Top of DATA PROVIDED

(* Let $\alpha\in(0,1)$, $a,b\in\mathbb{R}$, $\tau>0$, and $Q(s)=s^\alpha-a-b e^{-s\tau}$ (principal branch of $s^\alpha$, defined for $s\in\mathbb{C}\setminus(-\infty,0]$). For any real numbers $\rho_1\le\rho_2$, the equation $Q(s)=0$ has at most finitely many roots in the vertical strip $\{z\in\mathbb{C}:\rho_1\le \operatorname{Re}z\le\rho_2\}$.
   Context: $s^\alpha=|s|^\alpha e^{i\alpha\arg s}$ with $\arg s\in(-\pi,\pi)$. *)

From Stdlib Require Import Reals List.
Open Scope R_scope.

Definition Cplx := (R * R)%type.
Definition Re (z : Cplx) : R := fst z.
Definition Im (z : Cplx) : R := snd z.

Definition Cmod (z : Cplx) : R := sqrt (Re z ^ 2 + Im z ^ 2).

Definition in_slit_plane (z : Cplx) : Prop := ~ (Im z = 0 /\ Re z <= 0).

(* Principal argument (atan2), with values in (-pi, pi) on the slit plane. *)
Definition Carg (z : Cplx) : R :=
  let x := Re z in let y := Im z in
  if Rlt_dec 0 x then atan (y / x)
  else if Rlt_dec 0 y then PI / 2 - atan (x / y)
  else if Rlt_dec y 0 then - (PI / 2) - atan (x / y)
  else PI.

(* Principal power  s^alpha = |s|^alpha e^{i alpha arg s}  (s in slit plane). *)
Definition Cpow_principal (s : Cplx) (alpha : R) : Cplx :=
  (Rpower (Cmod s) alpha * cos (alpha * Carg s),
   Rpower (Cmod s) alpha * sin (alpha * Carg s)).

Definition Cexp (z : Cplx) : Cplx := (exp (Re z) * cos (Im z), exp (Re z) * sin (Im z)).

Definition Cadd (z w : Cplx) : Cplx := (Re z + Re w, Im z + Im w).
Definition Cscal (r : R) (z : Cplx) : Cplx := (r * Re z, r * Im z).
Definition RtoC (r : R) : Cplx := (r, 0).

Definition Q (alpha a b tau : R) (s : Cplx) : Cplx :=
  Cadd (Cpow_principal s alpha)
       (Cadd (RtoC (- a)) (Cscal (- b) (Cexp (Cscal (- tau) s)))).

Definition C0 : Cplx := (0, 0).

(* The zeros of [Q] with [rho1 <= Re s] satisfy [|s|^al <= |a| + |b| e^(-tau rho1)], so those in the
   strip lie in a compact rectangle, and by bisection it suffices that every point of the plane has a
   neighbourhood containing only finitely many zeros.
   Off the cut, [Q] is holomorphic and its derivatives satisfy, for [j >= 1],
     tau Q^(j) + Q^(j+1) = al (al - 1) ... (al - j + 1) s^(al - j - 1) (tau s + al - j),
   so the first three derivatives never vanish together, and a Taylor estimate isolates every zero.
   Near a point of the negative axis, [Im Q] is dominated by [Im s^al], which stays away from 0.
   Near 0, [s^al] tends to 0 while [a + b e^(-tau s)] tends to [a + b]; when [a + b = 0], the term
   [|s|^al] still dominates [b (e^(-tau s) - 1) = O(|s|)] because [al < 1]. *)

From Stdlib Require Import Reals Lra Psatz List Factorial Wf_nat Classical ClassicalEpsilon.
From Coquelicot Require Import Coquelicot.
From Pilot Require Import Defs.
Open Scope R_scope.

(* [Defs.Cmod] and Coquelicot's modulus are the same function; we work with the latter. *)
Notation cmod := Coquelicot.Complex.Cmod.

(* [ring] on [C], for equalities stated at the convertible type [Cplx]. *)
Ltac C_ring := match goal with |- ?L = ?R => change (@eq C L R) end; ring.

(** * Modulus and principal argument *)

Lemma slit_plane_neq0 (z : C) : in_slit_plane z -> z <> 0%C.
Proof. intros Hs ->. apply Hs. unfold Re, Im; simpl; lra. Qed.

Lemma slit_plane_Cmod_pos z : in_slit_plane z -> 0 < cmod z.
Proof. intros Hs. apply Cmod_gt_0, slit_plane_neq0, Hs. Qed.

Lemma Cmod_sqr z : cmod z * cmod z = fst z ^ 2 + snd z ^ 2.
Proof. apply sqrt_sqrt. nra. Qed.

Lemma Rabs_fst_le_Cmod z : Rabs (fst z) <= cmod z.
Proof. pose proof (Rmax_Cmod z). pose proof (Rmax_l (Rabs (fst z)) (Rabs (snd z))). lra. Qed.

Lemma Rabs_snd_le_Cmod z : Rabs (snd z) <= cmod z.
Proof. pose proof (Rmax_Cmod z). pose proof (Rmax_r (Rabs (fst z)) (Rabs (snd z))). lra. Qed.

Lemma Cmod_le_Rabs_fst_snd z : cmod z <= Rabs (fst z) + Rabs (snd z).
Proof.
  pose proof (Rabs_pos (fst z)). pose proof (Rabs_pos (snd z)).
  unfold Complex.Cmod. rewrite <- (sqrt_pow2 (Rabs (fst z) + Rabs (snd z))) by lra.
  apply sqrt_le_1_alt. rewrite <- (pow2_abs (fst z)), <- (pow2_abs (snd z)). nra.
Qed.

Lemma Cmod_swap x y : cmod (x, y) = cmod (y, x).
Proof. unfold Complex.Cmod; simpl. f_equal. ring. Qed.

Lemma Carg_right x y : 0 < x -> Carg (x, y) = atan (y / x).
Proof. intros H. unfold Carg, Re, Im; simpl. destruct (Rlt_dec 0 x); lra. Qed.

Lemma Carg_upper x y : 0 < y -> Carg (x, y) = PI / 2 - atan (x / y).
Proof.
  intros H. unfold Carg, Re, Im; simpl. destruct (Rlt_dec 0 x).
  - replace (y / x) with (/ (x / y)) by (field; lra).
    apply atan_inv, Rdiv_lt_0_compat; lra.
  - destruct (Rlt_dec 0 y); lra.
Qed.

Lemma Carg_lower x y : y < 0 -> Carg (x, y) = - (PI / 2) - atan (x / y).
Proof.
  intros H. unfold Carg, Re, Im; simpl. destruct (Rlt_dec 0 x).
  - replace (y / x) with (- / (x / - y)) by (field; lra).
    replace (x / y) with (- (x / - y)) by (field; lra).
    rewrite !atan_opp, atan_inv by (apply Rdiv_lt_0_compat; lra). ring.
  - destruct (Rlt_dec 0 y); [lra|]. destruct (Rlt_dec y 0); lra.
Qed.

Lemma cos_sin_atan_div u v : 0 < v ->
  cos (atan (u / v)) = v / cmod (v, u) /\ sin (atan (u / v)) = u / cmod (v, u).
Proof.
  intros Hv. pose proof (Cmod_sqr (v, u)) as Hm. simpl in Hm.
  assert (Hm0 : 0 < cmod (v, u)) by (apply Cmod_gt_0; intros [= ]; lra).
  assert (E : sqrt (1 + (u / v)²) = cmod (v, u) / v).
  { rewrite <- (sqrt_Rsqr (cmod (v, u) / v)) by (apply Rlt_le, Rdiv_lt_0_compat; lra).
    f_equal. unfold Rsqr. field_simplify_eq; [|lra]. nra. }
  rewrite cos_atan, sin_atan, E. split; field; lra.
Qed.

Bottom of DATA PROVIDED
Top of DATA PROVIDED

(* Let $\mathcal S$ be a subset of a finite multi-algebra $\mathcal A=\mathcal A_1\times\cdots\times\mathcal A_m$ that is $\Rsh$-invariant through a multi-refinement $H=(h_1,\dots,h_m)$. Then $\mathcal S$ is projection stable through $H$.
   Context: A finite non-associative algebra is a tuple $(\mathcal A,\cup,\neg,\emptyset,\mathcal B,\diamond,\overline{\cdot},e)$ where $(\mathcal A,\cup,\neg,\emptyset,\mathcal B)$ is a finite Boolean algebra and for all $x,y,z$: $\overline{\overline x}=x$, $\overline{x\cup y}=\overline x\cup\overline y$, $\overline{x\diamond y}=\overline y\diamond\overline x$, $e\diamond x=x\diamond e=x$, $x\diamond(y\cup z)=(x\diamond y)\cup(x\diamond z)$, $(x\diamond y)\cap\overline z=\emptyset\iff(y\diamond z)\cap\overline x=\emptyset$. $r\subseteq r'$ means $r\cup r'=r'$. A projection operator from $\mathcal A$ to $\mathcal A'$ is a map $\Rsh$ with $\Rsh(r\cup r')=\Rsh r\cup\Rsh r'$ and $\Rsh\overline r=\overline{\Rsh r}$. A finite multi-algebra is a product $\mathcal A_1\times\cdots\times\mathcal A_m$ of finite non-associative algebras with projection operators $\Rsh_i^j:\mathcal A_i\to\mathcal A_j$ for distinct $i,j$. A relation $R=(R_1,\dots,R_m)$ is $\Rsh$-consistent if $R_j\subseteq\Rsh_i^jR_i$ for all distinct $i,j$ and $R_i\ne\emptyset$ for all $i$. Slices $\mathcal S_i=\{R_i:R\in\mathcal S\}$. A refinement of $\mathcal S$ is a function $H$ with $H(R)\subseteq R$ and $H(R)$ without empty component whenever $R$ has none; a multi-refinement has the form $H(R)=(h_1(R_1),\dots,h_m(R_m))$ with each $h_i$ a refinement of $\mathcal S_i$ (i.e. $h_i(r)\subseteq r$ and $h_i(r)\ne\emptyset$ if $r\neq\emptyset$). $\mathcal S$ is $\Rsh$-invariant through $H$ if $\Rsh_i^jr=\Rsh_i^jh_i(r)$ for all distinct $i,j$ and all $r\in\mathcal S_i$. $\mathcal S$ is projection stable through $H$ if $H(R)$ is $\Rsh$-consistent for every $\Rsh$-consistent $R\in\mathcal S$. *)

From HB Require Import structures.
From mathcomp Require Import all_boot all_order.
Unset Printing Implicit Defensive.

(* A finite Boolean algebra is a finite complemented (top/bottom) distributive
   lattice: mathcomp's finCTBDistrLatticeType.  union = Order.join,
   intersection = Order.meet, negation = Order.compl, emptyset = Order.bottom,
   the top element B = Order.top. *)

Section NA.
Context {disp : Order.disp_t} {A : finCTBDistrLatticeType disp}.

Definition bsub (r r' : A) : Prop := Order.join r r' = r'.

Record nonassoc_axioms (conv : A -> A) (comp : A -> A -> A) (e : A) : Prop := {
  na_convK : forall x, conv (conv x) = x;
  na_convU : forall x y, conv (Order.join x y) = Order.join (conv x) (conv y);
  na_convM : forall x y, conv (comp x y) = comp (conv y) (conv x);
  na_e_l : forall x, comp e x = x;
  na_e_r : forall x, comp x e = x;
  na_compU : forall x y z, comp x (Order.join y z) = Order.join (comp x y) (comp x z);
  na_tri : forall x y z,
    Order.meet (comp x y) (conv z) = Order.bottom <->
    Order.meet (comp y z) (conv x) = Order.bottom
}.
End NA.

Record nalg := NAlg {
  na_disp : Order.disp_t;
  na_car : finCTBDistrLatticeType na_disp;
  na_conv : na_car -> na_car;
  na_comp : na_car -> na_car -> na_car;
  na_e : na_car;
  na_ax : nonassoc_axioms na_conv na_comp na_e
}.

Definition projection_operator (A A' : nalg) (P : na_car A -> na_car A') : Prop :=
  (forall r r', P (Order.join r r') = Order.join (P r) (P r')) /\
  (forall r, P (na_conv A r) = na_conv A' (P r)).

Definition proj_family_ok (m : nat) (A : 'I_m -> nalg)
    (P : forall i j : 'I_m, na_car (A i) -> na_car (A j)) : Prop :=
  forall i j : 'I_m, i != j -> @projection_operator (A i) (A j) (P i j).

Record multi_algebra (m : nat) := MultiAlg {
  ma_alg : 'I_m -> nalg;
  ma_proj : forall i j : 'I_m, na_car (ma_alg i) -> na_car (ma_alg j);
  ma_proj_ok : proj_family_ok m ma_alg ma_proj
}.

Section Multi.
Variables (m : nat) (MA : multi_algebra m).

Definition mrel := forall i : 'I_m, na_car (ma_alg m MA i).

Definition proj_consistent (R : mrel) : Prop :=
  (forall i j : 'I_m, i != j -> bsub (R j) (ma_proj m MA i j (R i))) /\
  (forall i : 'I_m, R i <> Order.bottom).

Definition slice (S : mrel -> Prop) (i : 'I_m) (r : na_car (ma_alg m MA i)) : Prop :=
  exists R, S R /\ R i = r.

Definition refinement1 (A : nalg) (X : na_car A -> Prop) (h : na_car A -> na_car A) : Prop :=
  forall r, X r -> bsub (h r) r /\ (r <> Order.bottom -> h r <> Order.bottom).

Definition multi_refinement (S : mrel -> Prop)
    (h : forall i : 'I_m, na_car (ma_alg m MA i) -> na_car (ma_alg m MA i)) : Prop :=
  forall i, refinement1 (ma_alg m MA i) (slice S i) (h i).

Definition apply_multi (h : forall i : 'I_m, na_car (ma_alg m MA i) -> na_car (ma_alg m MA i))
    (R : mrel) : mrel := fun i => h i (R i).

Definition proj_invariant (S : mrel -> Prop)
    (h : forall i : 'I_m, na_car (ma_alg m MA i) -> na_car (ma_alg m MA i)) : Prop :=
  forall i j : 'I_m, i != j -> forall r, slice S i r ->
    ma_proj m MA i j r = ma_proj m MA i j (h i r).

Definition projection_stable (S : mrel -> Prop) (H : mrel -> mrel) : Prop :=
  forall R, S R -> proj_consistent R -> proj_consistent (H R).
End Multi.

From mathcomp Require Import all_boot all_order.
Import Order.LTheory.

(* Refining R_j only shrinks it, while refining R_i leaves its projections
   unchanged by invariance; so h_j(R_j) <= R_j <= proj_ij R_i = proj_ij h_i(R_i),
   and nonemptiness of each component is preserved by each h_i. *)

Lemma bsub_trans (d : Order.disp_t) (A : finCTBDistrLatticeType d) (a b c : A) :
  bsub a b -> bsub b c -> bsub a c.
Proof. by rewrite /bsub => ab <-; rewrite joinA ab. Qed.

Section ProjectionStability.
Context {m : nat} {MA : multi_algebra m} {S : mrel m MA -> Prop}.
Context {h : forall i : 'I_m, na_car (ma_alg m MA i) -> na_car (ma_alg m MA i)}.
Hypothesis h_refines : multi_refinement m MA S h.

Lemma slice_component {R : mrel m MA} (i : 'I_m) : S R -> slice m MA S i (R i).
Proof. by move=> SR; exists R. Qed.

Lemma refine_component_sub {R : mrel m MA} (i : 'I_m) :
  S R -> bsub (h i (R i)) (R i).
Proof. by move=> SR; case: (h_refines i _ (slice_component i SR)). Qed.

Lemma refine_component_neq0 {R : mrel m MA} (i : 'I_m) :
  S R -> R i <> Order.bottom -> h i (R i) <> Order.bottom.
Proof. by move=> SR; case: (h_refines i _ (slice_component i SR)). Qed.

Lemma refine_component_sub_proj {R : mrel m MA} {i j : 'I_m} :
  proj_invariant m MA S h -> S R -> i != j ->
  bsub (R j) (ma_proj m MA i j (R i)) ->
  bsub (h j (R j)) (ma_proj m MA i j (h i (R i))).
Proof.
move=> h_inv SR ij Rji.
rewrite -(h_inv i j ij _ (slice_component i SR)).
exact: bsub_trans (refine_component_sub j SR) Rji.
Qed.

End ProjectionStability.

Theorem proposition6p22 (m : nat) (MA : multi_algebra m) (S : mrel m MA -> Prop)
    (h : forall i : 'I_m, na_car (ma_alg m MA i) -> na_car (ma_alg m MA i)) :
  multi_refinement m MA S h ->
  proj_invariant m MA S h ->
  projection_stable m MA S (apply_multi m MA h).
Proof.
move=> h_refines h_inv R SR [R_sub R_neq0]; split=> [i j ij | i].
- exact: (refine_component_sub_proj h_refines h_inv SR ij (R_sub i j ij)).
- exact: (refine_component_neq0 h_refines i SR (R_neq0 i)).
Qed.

Bottom of DATA PROVIDED
Top of DATA PROVIDED

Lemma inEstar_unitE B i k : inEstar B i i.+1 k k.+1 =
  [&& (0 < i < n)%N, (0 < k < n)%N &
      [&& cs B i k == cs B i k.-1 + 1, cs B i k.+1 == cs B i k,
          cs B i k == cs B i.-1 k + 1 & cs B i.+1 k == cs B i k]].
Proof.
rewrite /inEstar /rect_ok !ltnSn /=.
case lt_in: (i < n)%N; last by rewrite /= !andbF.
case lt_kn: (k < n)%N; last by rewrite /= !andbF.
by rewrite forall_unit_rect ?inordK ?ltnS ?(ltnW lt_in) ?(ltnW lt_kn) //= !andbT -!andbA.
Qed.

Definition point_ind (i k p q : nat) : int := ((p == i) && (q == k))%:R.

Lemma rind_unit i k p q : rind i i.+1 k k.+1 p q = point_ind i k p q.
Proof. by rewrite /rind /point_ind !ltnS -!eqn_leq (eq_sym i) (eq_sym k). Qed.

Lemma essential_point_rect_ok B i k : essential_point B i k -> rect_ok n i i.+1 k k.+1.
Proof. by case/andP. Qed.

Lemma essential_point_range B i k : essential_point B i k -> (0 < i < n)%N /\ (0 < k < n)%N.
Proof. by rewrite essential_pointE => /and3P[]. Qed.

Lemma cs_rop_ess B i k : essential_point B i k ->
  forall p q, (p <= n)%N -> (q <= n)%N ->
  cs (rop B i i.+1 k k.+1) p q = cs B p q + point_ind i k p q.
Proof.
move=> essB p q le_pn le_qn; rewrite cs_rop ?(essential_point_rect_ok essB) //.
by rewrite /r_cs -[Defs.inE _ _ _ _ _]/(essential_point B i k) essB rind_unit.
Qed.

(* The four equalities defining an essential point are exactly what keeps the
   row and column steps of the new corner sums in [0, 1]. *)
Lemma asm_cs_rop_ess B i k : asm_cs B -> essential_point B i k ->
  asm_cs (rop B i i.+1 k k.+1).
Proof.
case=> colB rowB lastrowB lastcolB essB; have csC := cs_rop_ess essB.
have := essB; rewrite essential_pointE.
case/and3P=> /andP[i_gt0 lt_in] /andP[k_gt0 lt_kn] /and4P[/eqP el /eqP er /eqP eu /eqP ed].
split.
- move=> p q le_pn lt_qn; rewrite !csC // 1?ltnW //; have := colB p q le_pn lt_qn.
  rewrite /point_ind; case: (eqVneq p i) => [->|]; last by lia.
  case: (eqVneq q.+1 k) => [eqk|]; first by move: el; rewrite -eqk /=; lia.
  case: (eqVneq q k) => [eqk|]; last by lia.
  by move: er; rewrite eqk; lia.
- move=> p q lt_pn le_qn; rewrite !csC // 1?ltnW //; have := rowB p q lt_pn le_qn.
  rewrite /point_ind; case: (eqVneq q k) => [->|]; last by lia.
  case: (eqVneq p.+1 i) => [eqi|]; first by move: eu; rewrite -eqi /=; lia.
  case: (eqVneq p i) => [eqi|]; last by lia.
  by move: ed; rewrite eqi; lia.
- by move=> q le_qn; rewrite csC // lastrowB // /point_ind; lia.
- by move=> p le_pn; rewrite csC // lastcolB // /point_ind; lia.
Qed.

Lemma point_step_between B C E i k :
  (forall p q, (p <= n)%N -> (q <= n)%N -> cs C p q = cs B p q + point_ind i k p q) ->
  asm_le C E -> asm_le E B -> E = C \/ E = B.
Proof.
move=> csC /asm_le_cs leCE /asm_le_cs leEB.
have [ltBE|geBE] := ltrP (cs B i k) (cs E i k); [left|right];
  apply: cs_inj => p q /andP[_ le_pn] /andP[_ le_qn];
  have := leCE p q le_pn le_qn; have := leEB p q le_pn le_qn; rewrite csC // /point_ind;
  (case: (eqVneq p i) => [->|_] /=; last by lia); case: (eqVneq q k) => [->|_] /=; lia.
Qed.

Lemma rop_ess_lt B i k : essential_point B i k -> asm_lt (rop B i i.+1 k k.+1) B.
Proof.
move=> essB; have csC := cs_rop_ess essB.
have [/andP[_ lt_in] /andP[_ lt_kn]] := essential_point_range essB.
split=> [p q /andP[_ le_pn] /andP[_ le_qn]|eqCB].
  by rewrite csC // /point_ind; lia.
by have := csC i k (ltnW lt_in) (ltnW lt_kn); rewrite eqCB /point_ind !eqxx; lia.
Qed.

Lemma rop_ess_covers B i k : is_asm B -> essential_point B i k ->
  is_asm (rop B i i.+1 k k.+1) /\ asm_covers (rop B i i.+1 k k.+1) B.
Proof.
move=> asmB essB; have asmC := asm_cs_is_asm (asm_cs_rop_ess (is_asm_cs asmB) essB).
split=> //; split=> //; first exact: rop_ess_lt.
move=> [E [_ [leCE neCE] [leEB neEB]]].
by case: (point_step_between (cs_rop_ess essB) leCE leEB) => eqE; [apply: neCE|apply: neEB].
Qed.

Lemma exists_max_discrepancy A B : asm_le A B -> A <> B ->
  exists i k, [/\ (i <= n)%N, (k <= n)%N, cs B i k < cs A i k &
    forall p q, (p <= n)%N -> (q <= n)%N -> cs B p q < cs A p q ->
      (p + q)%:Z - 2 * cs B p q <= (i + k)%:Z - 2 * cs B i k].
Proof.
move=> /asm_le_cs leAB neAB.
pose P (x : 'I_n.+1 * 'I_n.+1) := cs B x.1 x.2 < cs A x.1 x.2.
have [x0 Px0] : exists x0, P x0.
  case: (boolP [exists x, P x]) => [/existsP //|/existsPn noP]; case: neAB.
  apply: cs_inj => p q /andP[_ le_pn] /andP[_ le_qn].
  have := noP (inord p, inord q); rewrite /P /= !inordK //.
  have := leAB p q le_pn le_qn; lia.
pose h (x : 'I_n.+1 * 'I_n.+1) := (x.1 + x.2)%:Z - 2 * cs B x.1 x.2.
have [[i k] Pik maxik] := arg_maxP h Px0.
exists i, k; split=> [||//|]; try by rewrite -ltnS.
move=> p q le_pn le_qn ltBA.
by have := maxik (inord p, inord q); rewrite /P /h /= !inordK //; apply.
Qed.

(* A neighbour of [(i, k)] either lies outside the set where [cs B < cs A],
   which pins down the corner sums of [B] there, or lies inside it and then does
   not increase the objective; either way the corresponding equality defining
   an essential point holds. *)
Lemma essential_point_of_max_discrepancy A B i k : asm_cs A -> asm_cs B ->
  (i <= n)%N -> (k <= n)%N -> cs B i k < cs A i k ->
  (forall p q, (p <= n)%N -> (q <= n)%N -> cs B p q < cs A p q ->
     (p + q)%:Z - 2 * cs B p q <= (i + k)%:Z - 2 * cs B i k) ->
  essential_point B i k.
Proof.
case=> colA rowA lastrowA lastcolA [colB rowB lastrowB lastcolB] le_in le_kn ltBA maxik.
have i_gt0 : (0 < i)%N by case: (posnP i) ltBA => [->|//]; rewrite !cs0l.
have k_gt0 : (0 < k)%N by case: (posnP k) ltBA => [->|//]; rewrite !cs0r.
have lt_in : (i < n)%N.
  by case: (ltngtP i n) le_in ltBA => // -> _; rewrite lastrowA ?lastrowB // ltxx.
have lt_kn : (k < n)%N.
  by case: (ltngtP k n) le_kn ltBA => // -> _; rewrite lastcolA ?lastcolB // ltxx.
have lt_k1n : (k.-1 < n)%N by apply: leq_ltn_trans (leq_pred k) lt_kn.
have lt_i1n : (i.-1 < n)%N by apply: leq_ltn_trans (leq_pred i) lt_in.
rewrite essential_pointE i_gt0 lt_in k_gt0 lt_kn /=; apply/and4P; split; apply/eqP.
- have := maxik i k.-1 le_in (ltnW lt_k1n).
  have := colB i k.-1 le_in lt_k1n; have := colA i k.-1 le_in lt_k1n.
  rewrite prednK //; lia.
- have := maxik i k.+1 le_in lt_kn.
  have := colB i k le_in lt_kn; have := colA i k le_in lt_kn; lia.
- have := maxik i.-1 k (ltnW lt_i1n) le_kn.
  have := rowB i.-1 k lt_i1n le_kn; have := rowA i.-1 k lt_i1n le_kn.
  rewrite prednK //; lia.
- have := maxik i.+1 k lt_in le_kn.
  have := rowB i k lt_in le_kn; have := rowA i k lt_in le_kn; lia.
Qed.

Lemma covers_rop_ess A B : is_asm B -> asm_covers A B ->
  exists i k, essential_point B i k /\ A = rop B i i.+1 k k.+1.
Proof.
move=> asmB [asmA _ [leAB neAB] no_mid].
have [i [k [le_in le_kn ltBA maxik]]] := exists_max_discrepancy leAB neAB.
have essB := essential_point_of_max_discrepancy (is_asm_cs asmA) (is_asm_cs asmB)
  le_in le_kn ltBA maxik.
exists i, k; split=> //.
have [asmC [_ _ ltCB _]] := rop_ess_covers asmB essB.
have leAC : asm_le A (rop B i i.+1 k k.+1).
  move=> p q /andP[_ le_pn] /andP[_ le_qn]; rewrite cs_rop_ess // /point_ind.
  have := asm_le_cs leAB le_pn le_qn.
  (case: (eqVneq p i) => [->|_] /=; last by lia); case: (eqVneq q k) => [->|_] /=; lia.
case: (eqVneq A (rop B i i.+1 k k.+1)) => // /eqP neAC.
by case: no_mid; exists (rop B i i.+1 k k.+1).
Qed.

Bottom of DATA PROVIDED

WORK REQUIRED: In the records above, the line with "(* The zeros" marks the start and the line with "(** * Modulus and principal argument *)" marks the end; copy that stretch exactly, both lines included, and nothing else.

OUTPUT FOR THIS EXERCISE:
(* The zeros of [Q] with [rho1 <= Re s] satisfy [|s|^al <= |a| + |b| e^(-tau rho1)], so those in the
   strip lie in a compact rectangle, and by bisection it suffices that every point of the plane has a
   neighbourhood containing only finitely many zeros.
   Off the cut, [Q] is holomorphic and its derivatives satisfy, for [j >= 1],
     tau Q^(j) + Q^(j+1) = al (al - 1) ... (al - j + 1) s^(al - j - 1) (tau s + al - j),
   so the first three derivatives never vanish together, and a Taylor estimate isolates every zero.
   Near a point of the negative axis, [Im Q] is dominated by [Im s^al], which stays away from 0.
   Near 0, [s^al] tends to 0 while [a + b e^(-tau s)] tends to [a + b]; when [a + b = 0], the term
   [|s|^al] still dominates [b (e^(-tau s) - 1) = O(|s|)] because [al < 1]. *)

From Stdlib Require Import Reals Lra Psatz List Factorial Wf_nat Classical ClassicalEpsilon.
From Coquelicot Require Import Coquelicot.
From Pilot Require Import Defs.
Open Scope R_scope.

(* [Defs.Cmod] and Coquelicot's modulus are the same function; we work with the latter. *)
Notation cmod := Coquelicot.Complex.Cmod.

(* [ring] on [C], for equalities stated at the convertible type [Cplx]. *)
Ltac C_ring := match goal with |- ?L = ?R => change (@eq C L R) end; ring.

(** * Modulus and principal argument *)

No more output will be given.